Eight Links for the Weekend

1. I’m ready for my fifteen minutes of fame now.

2. The culture wars: comic style.

3. Laura and Jenna Bush held a discussion of the children’s book they collaborated on, Read All About It!

4. I remember being thoroughly engrossed with and creeped out by Daphne du Maurier’s Rebecca when I read it in high school, then having the same reaction to Hitchcock’s film version when I saw it a few years later, so the story behind how du Maurier wrote the book is an interesting one.

5. New York whittles down the Observer‘s Brooklyn Literary 100 to 1. (Well, also 50, 25, 10 and 5.)

6. We Are Ready is a campaign by international authors to have China release imprisoned authors, and will present the Chinese government with a petition on May 1.

7. Tell me what you want, what you really really want: Chick Lit!

8. The headline: Young writers embrace the thought process. What a relief that old authors aren’t the only ones who think.

4 Responses

  1. Enjoyed the Daphne du Maurier
    Enjoyed the Daphne du Maurier article.

    Also, I see in the excerpt from David Hajdu’s The Ten-Cent Plague that artist Janice Valleau Winkleman lives only a few miles from me. Cool!

  2. What’s wrong with Chick
    What’s wrong with Chick lit?


    I once asked a female colleague if X book was “chick lit.” She became offended. “Is every book written by a woman ‘chick lit?'” I answered no (of course), and explained that I have no clear understanding of what “chick lit” is supposed to be – and certainly had no idea it was a disparaging categorization. I mean, I don’t like Candace Bushnell but her books are (1) readable, (2) decently written and (3) popular – these are the things I think most writers are shooting for, and assumed it meant that “chick lit” was a viable, perhaps even venerable, genre.

    Setting aside the argument that “chick” is a derogatory term for a woman (I accept that it is, but also note it is far less charged than say “bitch lit”) – and also setting aside that “lit” is a diminutive which suggests a certain non-seriousness to the literature in question (but again, a commonly-used abbreviation among us lit types) – What is actually wrong with calling something “chick lit?”

  3. My comments are in response
    My comments are in response to the quote below:
    1. No one has time to sit around reading whatever they want if they have a full time job.

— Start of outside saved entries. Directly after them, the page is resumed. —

(* Suppose $\sigma^2>0=\lambda(\mathbb R)$ (so $\psi(\beta)=\tfrac12\sigma^2\beta^2+\mu\beta$ and $\psi^h(\beta)=\mu\frac{e^{\beta h}-e^{-\beta h}}{2h}+\sigma^2\frac{e^{\beta h}+e^{-\beta h}-2}{2h^2}$), and let $q\ge0$. If $q=\mu=0$, then $\Delta^{(q)}_W(x,h)=0$ for all $h\in(0,h_\star)$ and $x\in\mathbb Z_h^{++}$. If $q\vee|\mu|>0$, then: (i) there exist $A_0,h_0\in(0,\infty)$ such that for all $h\in(0,h_0)$ and all $x\in\mathbb Z_h^{++}$ with $xh^2\le1$: $|\Delta^{(q)}_W(x,h)|\le A_0h^2(1+x)e^{\alpha_+x}$; (ii) for any nested sequence $h_n\downarrow0$ (i.e. $h_n/h_{n+1}\in\mathbb N$) and any $x\in\bigcup_n\mathbb Z_{h_n}^{++}$, $$\lim_{n\to\infty}\frac{\Delta^{(q)}_W(x,h_n)}{h_n^2}=\frac{q^2}{2(\mu^2+2\sigma^2q)}W^{(q)}(x)+\frac{x}{\sqrt{\mu^2+2\sigma^2q}}\bigl(e^{\alpha_+x}\theta_+-e^{\alpha_-x}\theta_-\bigr)$$ (for $q=0$ this limit equals $-\frac23\frac{\mu^2x}{(\sigma^2)^3}e^{-2\mu x/\sigma^2}$), where $\alpha_\pm=\frac{-\mu\pm\sqrt{\mu^2+2q\sigma^2}}{\sigma^2}$ and $\theta_\pm=\frac{\mu^3\sqrt{2q\sigma^2+\mu^2}\pm(\frac12q^2(\sigma^2)^2-\mu^4-\mu^2\sigma^2q)}{3(\sigma^2)^3\sqrt{2q\sigma^2+\mu^2}}$.
   Context: $X$ is the Lévy process $\sigma B_t+\mu t$ ($B$ standard Brownian motion, $\sigma^2>0$). For $h>0$, $\mathbb Z_h=h\mathbb Z$, $\mathbb Z_h^{++}=\mathbb Z_h\cap(0,\infty)$; $h_\star>0$ is such that for $h\in(0,h_\star)$ the function $\psi^h$ above is the Laplace exponent of a compound Poisson process on $\mathbb Z_h$. For $q\ge0$: $\Phi(q)$, $\Phi^h(q)$ are the largest roots of $\psi=q$, $\psi^h=q$ on $[0,\infty)$; $W^{(q)}$ vanishes on $(-\infty,0)$ and is the continuous nondecreasing function on $[0,\infty)$ with Laplace transform $1/(\psi(\beta)-q)$ for $\beta>\Phi(q)$ (explicitly $W^{(q)}(x)=(e^{\alpha_+x}-e^{\alpha_-x})/\sqrt{\mu^2+2\sigma^2q}$ when $q\vee|\mu|>0$); $W^{(q)}_h$ vanishes on $(-\infty,0)$ and on $[0,\infty)$ is the unique right-continuous function constant on each $[kh,(k+1)h)$, of exponential order, with Laplace transform $\frac{e^{\beta h}-1}{\beta h(\psi^h(\beta)-q)}$ for $\beta>\Phi^h(q)$. $\Delta^{(q)}_W(x,h):=W^{(q)}(x)-W^{(q)}_h(x-h)$. *)

From Stdlib Require Import Reals Lra.
Open Scope R_scope.
Lemma compact_unif_continuous {R : realType} (U V : pseudoMetricType R)
    (g : U -> V) :
  compact [set: U] -> continuous g -> unif_continuous g.
Proof.
move=> /compact_near_coveringP cpt cg; apply/unif_continuousP => e e0.
have e20 : 0 < e / 2 by rewrite divr_gt0.
have : \forall d \near (0 : R)^'+, [set: U] `<=`
    [set a | forall b, ball a d b -> ball (g a) e (g b)].
  apply: cpt => a _.
  have /nbhs_ballP [r /= r0 gr] : nbhs a (g @^-1` ball (g a) (e / 2)).
    by apply: cg; apply: nbhsx_ballx.
  have r20 : 0 < r / 2 by rewrite divr_gt0.
  near=> a' d => b a'b.
  have aa' : ball a (r / 2) a' by near: a'; apply: nbhsx_ballx.
  have dr : d <= r / 2 by near: d; apply: nbhs_right_ltW.
  have ab : ball a r b.
    by rewrite [r]splitr; apply: ball_triangle aa' (le_ball dr a'b).
  have aa'r : ball a r a' by apply: le_ball aa'; lra.
  by rewrite [e]splitr; apply: ball_triangle (ball_sym (gr _ aa'r)) (gr _ ab).
move=> gd; have : \forall d \near (0 : R)^'+,
    0 < d /\ forall a b, ball a d b -> ball (g a) e (g b).
  near=> d; split; first by near: d; apply: nbhs_right_gt.
  by move=> a; apply: (near gd d).
by case/filter_ex => d [d0 dg]; exists d => // -[a b] /dg.
Unshelve. all: by end_near.
Qed.

Section product_uniformity.
Context {I : Type} {T : I -> uniformType}.
Local Notation P := (prod_topology T).

Lemma prod_entourage_sub (G : set_system (P * P)) : Filter G ->
  (forall i E, entourage E -> G [set uv | E (uv.1 i, uv.2 i)]) ->
  entourage `<=` G.
Proof.
move=> FG GE A; rewrite /entourage /= /sup_ent /= smallest_filter_finI.
apply; split=> //= _ [[[i B] /= /asboolP [E entE EB]] _ <-] /=.
by apply: filterS (GE i E entE) => -[u v]; apply: EB.
Qed.

Lemma proj_unif_continuous i : unif_continuous (proj i : P -> T i).
Proof.
move=> E entE /=; rewrite /entourage /= /sup_ent /= smallest_filter_finI.
move=> G [_ GF]; apply: GF => /=.
pose p : {classic I} * set (P * P) := (i, [set uv | E (uv.1 i, uv.2 i)]).
suff /asboolP entp : @entourage (initial_topology (@proj _ T i)) p.2.
  by exists (exist _ p entp).
by exists E => // -[].
Qed.

Lemma prod_unif_continuous (U : uniformType) (h : U -> P) :
  (forall i, unif_continuous (proj i \o h)) -> unif_continuous h.
Proof. by move=> hc; apply: prod_entourage_sub => i E /hc. Qed.

End product_uniformity.

Lemma prod_entourage_agree (T : nat -> uniformType)
    (A : set (prod_topology T * prod_topology T)) :
  entourage A -> exists N, forall u v : prod_topology T,
    (forall n, (n <= N)%N -> u n = v n) -> A (u, v).
Proof.
pose agree N (uv : prod_topology T * prod_topology T) :=
  forall n, (n <= N)%N -> uv.1 n = uv.2 n.
suff : entourage `<=` [set A | exists N, agree N `<=` A].
  by move=> + entA => /(_ A entA) [N NA]; exists N => u v /(NA (u, v)).
apply: prod_entourage_sub.
  apply: Build_Filter.
  - by exists 0%N.
  - move=> A1 A2 [N1 H1] [N2 H2]; exists (maxn N1 N2) => uv uvN.
    split; [apply: H1|apply: H2] => n nN; apply: uvN.
      by rewrite leq_max nN.
    by rewrite leq_max nN orbT.
  - by move=> A1 A2 A12 [N H]; exists N => uv /H /A12.
move=> i E entE; exists i => -[u v] /(_ i (leqnn i)) /= ->.
exact: entourage_refl.
Qed.

Section metric_product.
Context {R : realType} (X : nat -> metricType R).
Local Notation P := (prod_topology X).

Lemma ball_proj (n : nat) (e : R) : 0 < e ->
  exists2 d, 0 < d & forall u v : P, ball u d v -> ball (u n) e (v n).
Proof.
move=> e0; have /unif_continuousP := @proj_unif_continuous _ X n.
by move=> /(_ e e0) [d d0 H]; exists d => // u v /(H (u, v)).
Qed.

Lemma ball_prod_agree (e : R) : 0 < e ->
  exists N, forall u v : P, (forall n, (n <= N)%N -> u n = v n) -> ball u e v.
Proof.
move=> e0; have [N HN] := prod_entourage_agree (entourage_ball P (PosNum e0)).
by exists N.
Qed.

End metric_product.

Section chains.
Context {R : realType} {Y : pseudoMetricType R}.
Implicit Types (S : set Y) (g : Y -> Y) (a b c : Y) (e : R).

Lemma le_dchain S g e e' a b : e <= e' -> dchain S g e a b -> dchain S g e' a b.
Proof.
move=> ee' [k [k0 [s [s0 sk sS sb]]]]; exists k; split => //; exists s.
by split => // i ik; exact: le_ball ee' _ (sb i ik).
Qed.

Lemma dchain_cat S g e a b c :
  dchain S g e a b -> dchain S g e b c -> dchain S g e a c.
Proof.
move=> [k1 [k10 [s1 [s10 s1k s1S s1b]]]] [k2 [k20 [s2 [s20 s2k s2S s2b]]]].
exists (k1 + k2)%N; split; first by rewrite addn_gt0 k10.
exists (fun i => if (i <= k1)%N then s1 i else s2 (i - k1)%N); split.
- by rewrite leq0n.
- by rewrite ifF ?addKn //; apply/negbTE; rewrite -ltnNge; lia.
- move=> i ik; case: ifP => ik1; first exact: s1S.
  by apply: s2S; rewrite leq_subLR.
- move=> i ik; case: (ltngtP i k1) => ik1.
  + exact: s1b.
  + by rewrite subSn 1?ltnW //; apply: s2b; lia.
  + by rewrite ik1 subSnn s1k -s20; apply: s2b.
Qed.

Lemma dchain_ball_start S g e e' a a' b : 0 <= e' -> S a' ->
  ball (g a') e' (g a) -> dchain S g e a b -> dchain S g (e' + e) a' b.
Proof.
move=> e'0 Sa' a'a [k [k0 [s [s0 sk sS sb]]]]; exists k; split => //.
exists (fun i => if i == 0%N then a' else s i); split => //.
- by rewrite ifN // -lt0n.
- by move=> i ik; case: eqP => // _; exact: sS.
- move=> i ik; case: eqP => [->|_].
    by rewrite -s0 in a'a; exact: ball_triangle a'a (sb 0%N k0).
  by apply: le_ball (sb i ik); rewrite lerDr.
Qed.

Lemma dchain_ball_end S g e e' a b b' : 0 <= e' -> S b' ->
  dchain S g e a b -> ball b e' b' -> dchain S g (e + e') a b'.
Proof.
move=> e'0 Sb' [k [k0 [s [s0 sk sS sb]]]] bb'; exists k; split => //.
exists (fun i => if i == k then b' else s i); split => //.
- by rewrite ifN // eq_sym -lt0n.
- by rewrite eqxx.
- by move=> i ik; case: eqP => // _; exact: sS.
- move=> i ik; rewrite ltn_eqF //; case: eqP => [ik1|_].
    by rewrite -sk -ik1 in bb'; exact: ball_triangle (sb i ik) bb'.
  by apply: le_ball (sb i ik); rewrite lerDl.
Qed.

Even if they are a writer, they must grind out the daily dose.
    2. Literature is alive and thrives via hip-hop!!!
    From #8: Leading a contemplative literary life isn’t dead even in these hectic times. Just ask Nathaniel Rich, left, Keith Gessen and Ed Park.”When people think about the golden age of the novel in the 19th century, literacy rates were absurdly low. There wasn’t electricity to read by: People weren’t just sitting around reading all day then either.”
    Gressen’s war against mediocrity and for seriousness in writing and thought, he insists, does not require living in the past.”These are people who were raised on print culture, everything they know they know from print culture, who now say, ‘Those values are dead. You and I,’ they say, ‘believe in them, but those people out there do not.’ And I’m telling you, they do! There are a lot of people who believe in this stuff, and they don’t think it’s a joke. They don’t think the only way literature can survive is as this whimsical plaything of the upper class, which is frankly what McSweeney’s is doing.”

  4. Jamelah, when I first read
    Jamelah, when I first read your April 24th post, I was at work, where our PC’s block out a lot of stuff with pictures, so I couldn’t see your # 1 entry about getting published in Phoenix!

    I’m not surprised someone wanted to publish you as I always enjoy the things you write.